In this case we use the parse_dates keyword to parse the timestamp column to be a datetime. This will make things more efficient in the future. Notice that the dtype of the timestamp column has changed from object to datetime64[ns].
[13]:
df = dd.read_csv('data/2000-*-*.csv', parse_dates=['timestamp'])
df
[13]:
| timestamp | id | name | x | y | |
|---|---|---|---|---|---|
| npartitions=30 | |||||
| datetime64[ns] | int64 | object | float64 | float64 | |
| ... | ... | ... | ... | ... | |
| ... | ... | ... | ... | ... | ... |
| ... | ... | ... | ... | ... | |
| ... | ... | ... | ... | ... |
Do a simple computation¶
Whenever we operate on our dataframe we read through all of our CSV data so that we don’t fill up RAM. This is very efficient for memory use, but reading through all of the CSV files every time can be slow.
[14]:
%time df.groupby('name').x.mean().compute()
CPU times: user 4.63 s, sys: 596 ms, total: 5.23 s
Wall time: 3.42 s
[14]:
name
Alice -0.002649
Bob 0.001272
Charlie -0.000301
Dan 0.001170
Edith 0.001667
Frank -0.000985
George 0.000672
Hannah 0.001836
Ingrid 0.000011
Jerry 0.001143
Kevin -0.002294
Laura 0.002225
Michael -0.000101
Norbert -0.002274
Oliver 0.000170
Patricia -0.002258
Quinn -0.000271
Ray -0.000726
Sarah 0.000699
Tim 0.001875
Ursula -0.001184
Victor -0.001534
Wendy 0.001203
Xavier 0.001558
Yvonne 0.000056
Zelda -0.001405
Name: x, dtype: float64
[ ]:
Write to Parquet¶
Instead, we’ll store our data in Parquet, a format that is more efficient for computers to read and write.
[15]:
df.to_parquet('data/2000-01.parquet', engine='pyarrow')
[16]:
!ls data/2000-01.parquet/
_common_metadata part.15.parquet part.22.parquet part.2.parquet
_metadata part.16.parquet part.23.parquet part.3.parquet
part.0.parquet part.17.parquet part.24.parquet part.4.parquet
part.10.parquet part.18.parquet part.25.parquet part.5.parquet
part.11.parquet part.19.parquet part.26.parquet part.6.parquet
part.12.parquet part.1.parquet part.27.parquet part.7.parquet
part.13.parquet part.20.parquet part.28.parquet part.8.parquet
part.14.parquet part.21.parquet part.29.parquet part.9.parquet
Read from Parquet¶
[17]:
df = dd.read_parquet('data/2000-01.parquet', engine='pyarrow')
df
[17]:
| timestamp | id | name | x | y | |
|---|---|---|---|---|---|
| npartitions=30 | |||||
| datetime64[ns] | int64 | object | float64 | float64 | |
| ... | ... | ... | ... | ... | |
| ... | ... | ... | ... | ... | ... |
| ... | ... | ... | ... | ... | |
| ... | ... | ... | ... | ... |
[18]:
%time df.groupby('name').x.mean().compute()

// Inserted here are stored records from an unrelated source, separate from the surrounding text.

Lemma compile_correct p : compile_spec p.
Proof.
elim/prog_nested_ind: p.
- by move=> *; apply: eval_const.
- move=> W sz args args' h t /= HW _ Ha _ _.
  apply: eval_comp1; first by apply: eval_comp1; [exact: eProj | constructor].
  by rewrite /= Ha //; constructor.
- move=> i W sz args args' h t /= HW _ Ha _ _.
  by apply: eval_comp1; [exact: eProj | rewrite /= Ha //; constructor].
- move=> i W sz args args' h t /= HW _ Ha Hh _.
  apply: eval_comp1; first by apply: eval_comp2; [exact: eProj | exact: eProj | exact: evalJ].
  by rewrite /= Hh Ha //; constructor.
- exact: compile_spec_comp.
- exact: compile_spec_rec.
- exact: compile_spec_mu.
Qed.

End CompileCorrect.

Section ExistsHalts.
Variables (C : nat -> bool) (J : prog) (O : nat -> nat -> bool).
Hypothesis evalJ : forall z h rest, eval C J (z :: h :: rest) (O h z).
Variable p : prog.

Let Wp := maxn 1 (width p).

(* runs [p] on [[:: x]] with oracle [O n] and clock [e], from the arguments [n; _; e; x] *)
Definition pClocked := PComp (compile J Wp 1 p)
   (PProj 3 :: nseq Wp.-1 PZero ++ [:: PProj 0; PProj 2]).

Lemma eval_clocked n z e x rest :
  eval C pClocked (n :: z :: e :: x :: rest) (ceval (O n) p [:: x] e).
Proof.
have HW : 1 <= Wp by apply: leq_maxl.
econstructor.
- constructor; first exact: eProj.
  apply: evalList_cat; first exact: evalList_nseq.
  by do 2 (constructor; first exact: eProj); constructor.
- apply: compile_correct => //; first exact: leq_maxr.
  + move=> [|i] Hi //=; rewrite nth_cat size_nseq.
    have Hi' : i < Wp.-1 by rewrite -ltnS prednK.
    by rewrite Hi' nth_nseq Hi' nth_nil.
  + by case: Wp HW => [|w] // _; rewrite /= nth_cat size_nseq ltnn subnn.
  + by case: Wp HW => [|w] // _; rewrite /= nth_cat size_nseq ltnNge leqnSn /= subSnn.
Qed.

Definition pCount := PRec PZero (PComp pAdd [:: PProj 1; PComp pNeq0 [:: pClocked]]).

Lemma eval_count k e x rest :
  eval C pCount (k :: e :: x :: rest) (\sum_(n < k) (ceval (O n) p [:: x] e != 0)).
Proof.
apply: (@eval_rec C _ _ (fun k => \sum_(n < k) (ceval (O n) p [:: x] e != 0))).
  by rewrite big_ord0; constructor.
move=> n; rewrite big_ord_recr /=.
apply: eval_comp2; [exact: eProj | apply: eval_comp1; [exact: eval_clocked | exact: eval_neq0] |].
exact: eval_add.
Qed.

Definition pNoneHalts :=
  PComp pIsZero [:: PComp pCount [:: PComp PSucc [:: PProj 0]; PProj 0; PProj 1]].

Lemma eval_noneHalts e x :
  eval C pNoneHalts [:: e; x] [forall n : 'I_e.+1, ceval (O n) p [:: x] e == 0].
Proof.
set count := \sum_(n < e.+1) (ceval (O n) p [:: x] e != 0).
have -> : [forall n : 'I_e.+1, ceval (O n) p [:: x] e == 0] = (count == 0).
  by rewrite sum_nat_eq0; apply: eq_forallb => n; case: eqP.
apply: (@eval_comp1 _ _ _ _ count); last exact: eval_isZero.
apply: eval_comp3; last exact: eval_count; try exact: eProj.
by apply: eval_comp1; [exact: eProj | constructor].
Qed.

Lemma sigma1_exists_halts : sigma1 C (fun x => exists h, halts (O h) p [:: x]).
Proof.
exists (PMu pNoneHalts) => x; split.
- move=> [h /haltsP [t Ht]].
  case E: (ceval (O h) p [:: x] t) Ht => [|y] // _.
  have [t0 Ht0] := ceval_complete (ceval_sound E).
  have Hex : exists e, ~~ [forall n : 'I_e.+1, ceval (O n) p [:: x] e == 0].
    exists (maxn h t0); apply/forallPn.
    by exists (@Ordinal (maxn h t0).+1 h (leq_maxl h t0)); rewrite /= Ht0 ?leq_maxr.
  have [e0 He0 Hmin] := ex_minnP Hex.
  exists e0; constructor; first by have := eval_noneHalts e0 x; rewrite (negbTE He0).
  move=> k Hk; exists 0.
  have Hall : [forall n : 'I_k.+1, ceval (O n) p [:: x] k == 0].
    by apply: contraTT Hk => /Hmin; rewrite -leqNgt.
  by have := eval_noneHalts k x; rewrite Hall.
- move=> [y Hy]; inversion Hy as [| | | | | | |? ? ? Hzero _]; subst.
  have /forallPn [n Hn] : ~~ [forall n : 'I_y.+1, ceval (O n) p [:: x] y == 0].
    by have := eval_det (eval_noneHalts y x) Hzero; case: [forall n, _].
  by exists n; apply/haltsP; exists y.
Qed.

End ExistsHalts.

(** * Mathias conditions with computable reservoirs *)

Fixpoint bits_code (P : nat -> bool) n :=
  if n is n'.+1 then P 0 + (bits_code (fun x => P x.+1) n').*2 else 0.

Lemma iter_half0 x : iter x half 0 = 0.
Proof. by elim: x => //= x ->. Qed.

Lemma bitn_code n P x : bitn (bits_code P n) x = (x < n) && P x.
Proof.
rewrite /bitn; elim: n P x => [|n IH] P x /=; first by rewrite iter_half0.
case: x => [|x] /=; first by rewrite oddD odd_double addbF oddb.
by rewrite -iterS iterSr half_bit_double IH.
Qed.

Lemma bitn0 x : bitn 0 x = false.
Proof. by rewrite /bitn iter_half0. Qed.

Section Forcing.
Variable C : nat -> bool.

(* The oracle [G (+) C] for [G] the finite set [stem] enlarged by those elements
   of the reservoir [Y] that lie in the finite set coded by [h]. *)
Definition trial_oracle (stem : nat) (Y : nat -> bool) (h : nat) : nat -> bool :=
  join (fun x => bitn stem x || (bitn h x && Y x)) C.

Definition pTrialOracle (stem : nat) (pY : prog) : prog :=
  let z2 := PComp pHalf [:: PProj 0] in
  let oddz := PComp pOdd [:: PProj 0] in
  let inG := PComp pNeq0 [:: PComp pAdd [:: PComp pBit [:: pConst stem; z2];
                 PComp pGuard [:: PComp pBit [:: PProj 1; z2]; PComp pY [:: z2]]]] in
  PComp pAdd [:: PComp pGuard [:: oddz; PComp (POracle 0) [:: z2]];
                 PComp pGuard [:: PComp pIsZero [:: oddz]; inG]].

Lemma eval_trialOracle stem pY (Y : nat -> bool) : (forall x, eval C pY [:: x] (Y x)) ->
  forall z h rest, eval C (pTrialOracle stem pY) (z :: h :: rest) (trial_oracle stem Y h z).
Proof.
move=> HY z h rest.
have Hz2 : eval C (PComp pHalf [:: PProj 0]) (z :: h :: rest) z./2.
  by apply: eval_comp1; [exact: eProj | exact: eval_half].
have Hodd : eval C (PComp pOdd [:: PProj 0]) (z :: h :: rest) (odd z).
  by apply: eval_comp1; [exact: eProj | exact: eval_odd].
apply: eval_comp2.
- apply: eval_comp2; [exact: Hodd | | exact: eval_guard].
  by apply: eval_comp1; [exact: Hz2 | constructor].
- apply: eval_comp2; [apply: eval_comp1; [exact: Hodd | exact: eval_isZero] | | exact: eval_guard].
  apply: eval_comp1; last exact: eval_neq0.
  apply: eval_comp2; last exact: eval_add.
  + by apply: eval_comp2; [exact: eval_const | exact: Hz2 | exact: eval_bit].
  + apply: eval_comp2; last exact: eval_guard.
    * by apply: eval_comp2; [exact: eProj | exact: Hz2 | exact: eval_bit].
    * by apply: eval_comp1; [exact: Hz2 | exact: HY].
- apply: eval_eq_val; first exact: eval_add.
  rewrite /trial_oracle /join /=; case: (odd z) => /=; first by case: (C _).
  by case: (bitn stem _); case: (bitn h _); case: (Y _).
Qed.

(* A Mathias condition: a finite stem (coded by [stem], all elements at most
   [height]) and a C-computable infinite reservoir above [height]. *)
Record cond :=
  Cond { stem : nat; height : nat; reservoir : nat -> bool; reservoir_prog : prog }.

Definition cond_valid (c : cond) : Prop :=
  [/\ (forall x, bitn (stem c) x -> x <= height c),
      (forall x, reservoir c x -> height c < x),
      infinite_set (reservoir c) &
      (forall x, eval C (reservoir_prog c) [:: x] (reservoir c x))].

Definition satisfies (c : cond) (G : nat -> bool) : Prop :=
  forall x, (x <= height c -> G x = bitn (stem c) x) /\ (height c < x -> G x -> reservoir c x).

Definition extends (c' c : cond) : Prop :=
  [/\ height c <= height c',
      (forall x, x <= height c -> bitn (stem c') x = bitn (stem c) x),
      (forall x, height c < x -> x <= height c' -> bitn (stem c') x -> reservoir c x) &
      (forall x, reservoir c' x -> reservoir c x)].

Lemma extends_refl c : extends c c.
Proof. by split => // x Hx /(leq_trans Hx); rewrite ltnn. Qed.

Lemma extends_trans c1 c2 c3 : extends c1 c2 -> extends c2 c3 -> extends c1 c3.
Proof.
move=> [H1 H2 H3 H4] [K1 K2 K3 K4]; split.
- exact: leq_trans K1 H1.
- by move=> x Hx; rewrite H2 ?K2 //; apply: leq_trans Hx K1.
- move=> x Hx Hx2 Hb; case: (leqP x (height c2)) => Hxc.
  + by apply: K3 => //; rewrite -H2.
  + by apply: K4; apply: H3.
- by move=> x /H4 /K4.
Qed.

Definition shrink_reservoir (c : cond) (P : nat -> bool) (pP : prog) : cond :=
  Cond (stem c) (height c) (fun x => reservoir c x && P x)
       (PComp pGuard [:: reservoir_prog c; pP]).

Lemma shrink_reservoir_valid c P pP : cond_valid c ->
  infinite_set (fun x => reservoir c x && P x) -> (forall x, eval C pP [:: x] (P x)) ->
  cond_valid (shrink_reservoir c P pP).
Proof.
move=> [V1 V2 V3 V4] Hinf HP; split=> //= [x /andP [/V2] //|x].
apply: eval_comp2; [exact: V4 | exact: HP | apply: eval_eq_val; first exact: eval_guard].
by case: (reservoir c x); case: (P x).
Qed.

Lemma shrink_reservoir_extends c P pP : extends (shrink_reservoir c P pP) c.
Proof.
by split=> //= [x Hx /(leq_trans Hx)|x /andP []//]; rewrite ltnn.
Qed.

(* Add the elements of [K] (a finite part of the reservoir, below [b]) to the stem
   and cut the reservoir above [b]. *)
Definition commit (c : cond) (K : nat -> bool) (b : nat) : cond :=
  Cond (bits_code (fun z => bitn (stem c) z || K z) b.+1) b
       (fun x => reservoir c x && (b < x))
       (PComp pGuard [:: reservoir_prog c; PComp pLt [:: pConst b; PProj 0]]).

Lemma bitn_commit c (K : nat -> bool) b z :
  z <= b -> bitn (stem (commit c K b)) z = bitn (stem c) z || K z.
Proof. by move=> Hz; rewrite /commit bitn_code ltnS Hz. Qed.

Lemma commit_valid c (K : nat -> bool) b : cond_valid c -> cond_valid (commit c K b).
Proof.
move=> Hc.
have [V1 V2 V3 V4] := Hc; split.
- by move=> x; rewrite /commit bitn_code => /andP [].
- by move=> x /andP [].
- move=> k; case: (V3 (maxn k b.+1)) => x [Hx Yx]; exists x; rewrite /= Yx.
  by split; [apply: leq_trans Hx; apply: leq_maxl | apply: leq_trans Hx; apply: leq_maxr].
- move=> x; apply: eval_comp2; [exact: V4 | | ].
  + by apply: eval_comp2; [exact: eval_const | exact: eProj | exact: eval_lt].
  + apply: eval_eq_val; first exact: eval_guard.
    by rewrite /=; case: (reservoir c x); case: (b < x).
Qed.

Lemma commit_extends c (K : nat -> bool) b : cond_valid c -> height c <= b ->
  (forall z, K z -> reservoir c z) -> extends (commit c K b) c.
Proof.
move=> Hc Hb HK; have [V1 V2 _ _] := Hc; split => //.
- move=> x Hx; rewrite bitn_commit; last exact: leq_trans Hx Hb.
  case Kx: (K x); last by rewrite orbF.
  by have := V2 _ (HK _ Kx); rewrite ltnNge Hx.
- by move=> x Hx Hxb; rewrite bitn_commit // => /orP [/V1|/HK //]; rewrite leqNgt Hx.
- by move=> x /andP [].
Qed.

End Forcing.

Lemma half_ltn z u : z < u -> z./2 < u.
Proof. by apply: leq_ltn_trans; rewrite leq_half_double -addnn leqW // leq_addr. Qed.

Section Steps.
Variable C : nat -> bool.

Lemma cohesive_step (R : nat -> nat -> bool) i c : unif_computable C R -> cond_valid C c ->
  exists c', [/\ cond_valid C c', extends c' c &
     (forall x, reservoir c' x -> R i x) \/ (forall x, reservoir c' x -> ~~ R i x)].
Proof.
move=> [pR HpR] Hc; have [_ _ Hinf _] := Hc.
pose pRi := PComp pR [:: pConst i; PProj 0].
have HRi x : eval C pRi [:: x] (R i x).
  by apply: eval_comp2; [exact: eval_const | exact: eProj | exact: HpR].
have HnRi x : eval C (PComp pIsZero [:: pRi]) [:: x] (~~ R i x).
  by apply: eval_comp1; [exact: HRi | case: (R i x) (eval_isZero C (R i x) [::])].
case: (classic (infinite_set (fun x => reservoir c x && R i x))) => HinfR.
- exists (shrink_reservoir c (R i) pRi).
  split; [exact: shrink_reservoir_valid | exact: shrink_reservoir_extends |].
  by left => x /andP [].
- have [k Hk] : exists k, forall x, k <= x -> reservoir c x -> ~~ R i x.
    apply: NNPP => Hn; apply: HinfR => k; apply: NNPP => Hn2; apply: Hn.
    exists k => x Hx Yx; apply/negP => Rx; apply: Hn2; exists x; by rewrite Yx Rx.
  exists (shrink_reservoir c (fun x => ~~ R i x) (PComp pIsZero [:: pRi])).
  split; [apply: shrink_reservoir_valid => // k' | exact: shrink_reservoir_extends |].
  + case: (Hinf (maxn k k')) => x [Hx Yx]; exists x; rewrite Yx Hk //; last first.
      by apply: leq_trans Hx; apply: leq_maxl.
    by split=> //; apply: leq_trans Hx; apply: leq_maxr.
  + by right => x /andP [].
Qed.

CPU times: user 1.46 s, sys: 152 ms, total: 1.61 s
Wall time: 1.08 s
[18]:
name
Alice -0.002649
Bob 0.001272
Charlie -0.000301
Dan 0.001170
Edith 0.001667
Frank -0.000985
George 0.000672
Hannah 0.001836
Ingrid 0.000011
Jerry 0.001143
Kevin -0.002294
Laura 0.002225
Michael -0.000101
Norbert -0.002274
Oliver 0.000170
Patricia -0.002258
Quinn -0.000271
Ray -0.000726
Sarah 0.000699
Tim 0.001875
Ursula -0.001184
Victor -0.001534
Wendy 0.001203
Xavier 0.001558
Yvonne 0.000056
Zelda -0.001405
Name: x, dtype: float64
Select only the columns that you plan to use¶
Parquet is a column-store, which means that it can efficiently pull out only a few columns from your dataset. This is good because it helps to avoid unnecessary data loading.
[19]:
%%time
df = dd.read_parquet('data/2000-01.parquet', columns=['name', 'x'], engine='pyarrow')

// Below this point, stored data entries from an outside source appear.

(* Let $N,M\ge1$, $\mathbf{y}\in\mathbb{C}^M$, $\mathbf{x}\in\mathbb{R}^N$, $\mu_1,\dots,\mu_N\in\mathbb{R}$, $\sigma_1,\dots,\sigma_N>0$, $\delta^2>0$, $\sigma_h^2>0$, $\sigma_w^2>0$, and let $c=\exp\left(\frac{2\pi j}{N+1}\right)$ with $j=\sqrt{-1}$. Consider latent variables $T\in\{0,1,\dots,N\}$ and $\boldsymbol\theta=[\theta_1,\dots,\theta_N]^T\in(0,1)^N$ with joint density (with observation $\mathbf{y}$) $$p(\mathbf{y},T=m,\boldsymbol\theta\mid\boldsymbol\Phi)=\frac{1}{[2\pi(\sigma_h^2m+\sigma_w^2)]^M}\exp\left(-\frac{\|\mathbf{y}\|_2^2}{2(\sigma_h^2m+\sigma_w^2)}\right)\cdot P(m\mid\boldsymbol\theta)\cdot p(\boldsymbol\theta\mid\mathbf{x}),$$ where $P(m\mid\boldsymbol\theta)=\frac{1}{N+1}\sum_{\ell=0}^N c^{-\ell m}\prod_{k=1}^N[1+(c^\ell-1)\theta_k]$ (the Poisson-binomial probability of $m$ successes in independent Bernoulli trials with success probabilities $\theta_1,\dots,\theta_N$) and $$p(\boldsymbol\theta\mid\mathbf{x})=\left(\prod_{n=1}^N\frac{\sigma_n}{\theta_n-\theta_n^2}\right)\frac{1}{(2\pi)^{N/2}\delta^N}\exp\left(-\frac{\sum_{n=1}^N\left(-\sigma_n\log\left(\frac{1}{\theta_n}-1\right)+\mu_n-x_n\right)^2}{2\delta^2}\right).$$ Let $q(T)$ be a probability mass function on $\{0,\dots,N\}$ and $q(\theta_1),\dots,q(\theta_N)$ probability densities on $(0,1)$, and let $\mathbb{E}$ denote expectation with respect to the product distribution $q(T)\prod_n q(\theta_n)$. Then the mean-field (variational E-step) updates $$q^*(T)\propto\exp\left\{\mathbb{E}_{\boldsymbol\theta}\left[\log p(\mathbf{y},T,\boldsymbol\theta\mid\boldsymbol\Phi)\right]\right\},\qquad q^*(\theta_n)\propto\exp\left\{\mathbb{E}_{T,\boldsymbol\theta\setminus\theta_n}\left[\log p(\mathbf{y},T,\boldsymbol\theta\mid\boldsymbol\Phi)\right]\right\}$$ are given by $$q^*(T=m)=\frac{g_a(m)}{\sum_{k=0}^N g_a(k)},\qquad q^*(\theta_n=z_n)=\frac{g_b(z_n)}{\int_0^1 g_b(z_n)\,dz_n},$$ where $$g_a(m)=\frac{\mathcal{F}_1(m)}{(\sigma_w^2+m\sigma_h^2)^M}\exp\left\{-\frac{\|\mathbf{y}\|_2^2}{2(\sigma_w^2+m\sigma_h^2)}\right\},$$ $$g_b(z_n)=\frac{\mathcal{F}_2(z_n)}{z_n(1-z_n)}\exp\left\{-\frac{1}{2\delta^2}\left(-\sigma_n\log\left(\frac{1}{z_n}-1\right)+\mu_n-x_n\right)^2\right\},$$ $$\mathcal{F}_1(m)=\exp\left\{\mathbb{E}_{\boldsymbol\theta}\left(\log\Big(\sum_{\ell=0}^N c^{-\ell m}\prod_{k=1}^N[1+(c^\ell-1)\theta_k]\Big)\right)\right\},$$ $$\mathcal{F}_2(z_n)=\left.\exp\left\{\mathbb{E}_{T,\boldsymbol\theta\setminus\theta_n}\left(\log\Big(\sum_{\ell=0}^N c^{-\ell T}\prod_{k=1}^N[1+(c^\ell-1)\theta_k]\Big)\right)\right\}\right|_{\theta_n=z_n}.$$
   Context: $\boldsymbol\Phi=\{\mathbf{x},\delta^2,\sigma_h^2,\sigma_w^2\}$ is the parameter set. $\mathbb{E}_{\boldsymbol\theta}$ is expectation over $\boldsymbol\theta\sim\prod_k q(\theta_k)$; $\mathbb{E}_{T,\boldsymbol\theta\setminus\theta_n}$ is expectation over $T\sim q(T)$ and $\theta_k\sim q(\theta_k)$, $k\ne n$, independently, with $\theta_n$ held fixed. The sum $\sum_{\ell}c^{-\ell m}\prod_k[1+(c^\ell-1)\theta_k]$ equals $(N+1)P(m\mid\boldsymbol\theta)$, a positive real number. Expectations are assumed finite. *)

From HB Require Import structures.
From mathcomp Require Import all_boot all_order all_algebra.
From mathcomp Require Import all_classical all_reals all_analysis.
From mathcomp Require Import complex.
Set Implicit Arguments. Unset Strict Implicit. Unset Printing Implicit Defensive.
Import Order.TTheory GRing.Theory Num.Theory.
Local Open Scope ring_scope.
Local Open Scope classical_set_scope.

Section Model.
Variable R : realType.
Local Notation C := (complex.complex R).
Local Notation Re := (@complex.Re R).
Local Notation Im := (@complex.Im R).
Local Notation rC x := (complex.real_complex R x).

(* c = exp(2 pi j/(N+1)), written in Euler form cos + j sin *)
Definition cunit (N : nat) : C :=
  complex.Complex (cos (2 * pi / N.+1%:R)) (sin (2 * pi / N.+1%:R)).

Definition upd (th : nat -> R) (k : nat) (t : R) : nat -> R :=
  fun j => if j == k then t else th j.

Definition Ssum (N m : nat) (th : nat -> R) : C :=
  \sum_(l < N.+1) (cunit N ^- (l * m)%N *
     \prod_(k < N) (1 + (cunit N ^+ l - 1) * rC (th k))).

(* Poisson-binomial pmf P(m | theta) (S is a positive real, we take its real part) *)
Definition PB (N m : nat) (th : nat -> R) : R := Re (Ssum N m th) / N.+1%:R.

Definition ynorm2 (M : nat) (y : 'I_M -> C) : R :=
  \sum_(i < M) ((Re (y i)) ^+ 2 + (Im (y i)) ^+ 2).

Definition prior (N : nat) (x mu sig : 'I_N -> R) (delta2 : R) (th : nat -> R) : R :=
  (\prod_(n < N) (sig n / (th n - th n ^+ 2))) *
  (1 / ((Num.sqrt (2 * pi)) ^+ N * (Num.sqrt delta2) ^+ N)) *
  expR (- (\sum_(n < N) (- sig n * ln (1 / th n - 1) + mu n - x n) ^+ 2)
          / (2 * delta2)).

Definition joint (N M : nat) (y : 'I_M -> C) (x mu sig : 'I_N -> R)
    (delta2 sh2 sw2 : R) (m : nat) (th : nat -> R) : R :=
  1 / (2 * pi * (sh2 * m%:R + sw2)) ^+ M *
  expR (- ynorm2 y / (2 * (sh2 * m%:R + sw2))) *
  PB N m th * prior x mu sig delta2 th.

(* Iterated expectation w.r.t. the product of densities q k on (0,1), over the
   coordinates k < K that are not skipped; skipped coordinates stay as in th. *)
Fixpoint Eiter (q : nat -> R -> R) (skip : pred nat) (K : nat)
    (f : (nat -> R) -> R) (th : nat -> R) : R :=
  match K with
  | 0 => f th
  | K'.+1 => if skip K' then Eiter q skip K' f th
             else Rintegral (@lebesgue_measure R) `]0, 1[
                    (fun t => q K' t * Eiter q skip K' f (upd th K' t))
  end.

(* finiteness of the iterated expectation: every integral involved is
   (Lebesgue) integrable *)
Fixpoint Eiter_ok (q : nat -> R -> R) (skip : pred nat) (K : nat)
    (f : (nat -> R) -> R) (th : nat -> R) : Prop :=
  match K with
  | 0 => True
  | K'.+1 => if skip K' then Eiter_ok q skip K' f th
             else (@lebesgue_measure R).-integrable `]0, 1[
                    (fun t => (q K' t * Eiter q skip K' f (upd th K' t))%:E)
                  /\ (forall t, 0 < t < 1 -> Eiter_ok q skip K' f (upd th K' t))
  end.

Definition th0 : nat -> R := fun _ => 0.

Definition Eth (N : nat) (q : nat -> R -> R) (f : (nat -> R) -> R) : R :=
  Eiter q pred0 N f th0.

Definition ETth_but (N : nat) (qT : nat -> R) (q : nat -> R -> R) (n : nat)
    (F : nat -> (nat -> R) -> R) (z : R) : R :=
  \sum_(m < N.+1) qT m * Eiter q (pred1 n) N (F m) (upd th0 n z).

Definition F1 (N : nat) (q : nat -> R -> R) (m : nat) : R :=
  expR (Eth N q (fun th => ln (Re (Ssum N m th)))).

Definition F2 (N : nat) (qT : nat -> R) (q : nat -> R -> R) (n : nat) (z : R) : R :=
  expR (ETth_but N qT q n (fun m th => ln (Re (Ssum N m th))) z).

Definition ga (N M : nat) (y : 'I_M -> C) (sh2 sw2 : R) (q : nat -> R -> R)
    (m : nat) : R :=
  F1 N q m / (sw2 + m%:R * sh2) ^+ M *
  expR (- ynorm2 y / (2 * (sw2 + m%:R * sh2))).

Definition gb (N : nat) (x mu sig : 'I_N -> R) (delta2 : R) (qT : nat -> R)
    (q : nat -> R -> R) (n : 'I_N) (z : R) : R :=
  F2 N qT q n z / (z * (1 - z)) *
  expR (- (1 / (2 * delta2)) * (- sig n * ln (1 / z - 1) + mu n - x n) ^+ 2).

End Model.

From HB Require Import structures.
From mathcomp Require Import all_boot all_order all_algebra.
From mathcomp Require Import all_classical all_reals all_analysis.
From mathcomp Require Import complex.
From mathcomp Require Import ring lra zify.
Set Implicit Arguments. Unset Strict Implicit. Unset Printing Implicit Defensive.
Import Order.TTheory GRing.Theory Num.Theory.
Local Open Scope ring_scope.
Local Open Scope classical_set_scope.

(* The joint density is [gauss_lik m * (Re S(m, th) / (N + 1)) * prior th].  Expanding
   the product in S over subsets and using the orthogonality of the (N+1)-th roots of
   unity, S(m, th) / (N + 1) is the Poisson-binomial probability of m successes, a sum
   of Bernoulli weights, hence positive on the open cube; this is what allows ln to be
   split over the factors ([ln] is 0 on nonpositive reals).  The log prior is a sum of
   one-coordinate terms.  Since expectations are linear, E ln p is E ln Re S plus terms
   that either depend only on the variable being updated or not at all; the latter
   become a positive constant factor after exponentiation and cancel upon
   normalisation. *)

Lemma sum_expr_unity (F : idomainType) (w : F) n :
  w ^+ n = 1 -> w != 1 -> \sum_(l < n) w ^+ l = 0.
Proof.
move=> wn1 w1; apply/eqP; move: (subrX1 w n); rewrite wn1 subrr => /esym/eqP.
by rewrite mulf_eq0 subr_eq0 (negbTE w1).
Qed.

Lemma normalize_scale (F : fieldType) (I : finType) (a b : I -> F) (c : F) :
  c != 0 -> (forall i, a i = b i * c) ->
  forall i, a i / \sum_j a j = b i / \sum_j b j.
Proof.
move=> c0 ab i; rewrite ab (eq_bigr _ (fun j _ => ab j)) -big_distrl /=.
by rewrite invfM mulrACA mulfV // mulr1.
Qed.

df.groupby('name').x.mean().compute()
CPU times: user 1.3 s, sys: 74.8 ms, total: 1.38 s
Wall time: 974 ms
[19]:
name
Alice -0.002649
Bob 0.001272
Charlie -0.000301
Dan 0.001170
Edith 0.001667
Frank -0.000985
George 0.000672
Hannah 0.001836
Ingrid 0.000011
Jerry 0.001143
Kevin -0.002294
Laura 0.002225
Michael -0.000101
Norbert -0.002274
Oliver 0.000170
Patricia -0.002258
Quinn -0.000271
Ray -0.000726
Sarah 0.000699
Tim 0.001875
Ursula -0.001184
Victor -0.001534
Wendy 0.001203
Xavier 0.001558
Yvonne 0.000056
Zelda -0.001405
Name: x, dtype: float64
Here the difference is not that large, but with larger datasets this can save a great deal of time.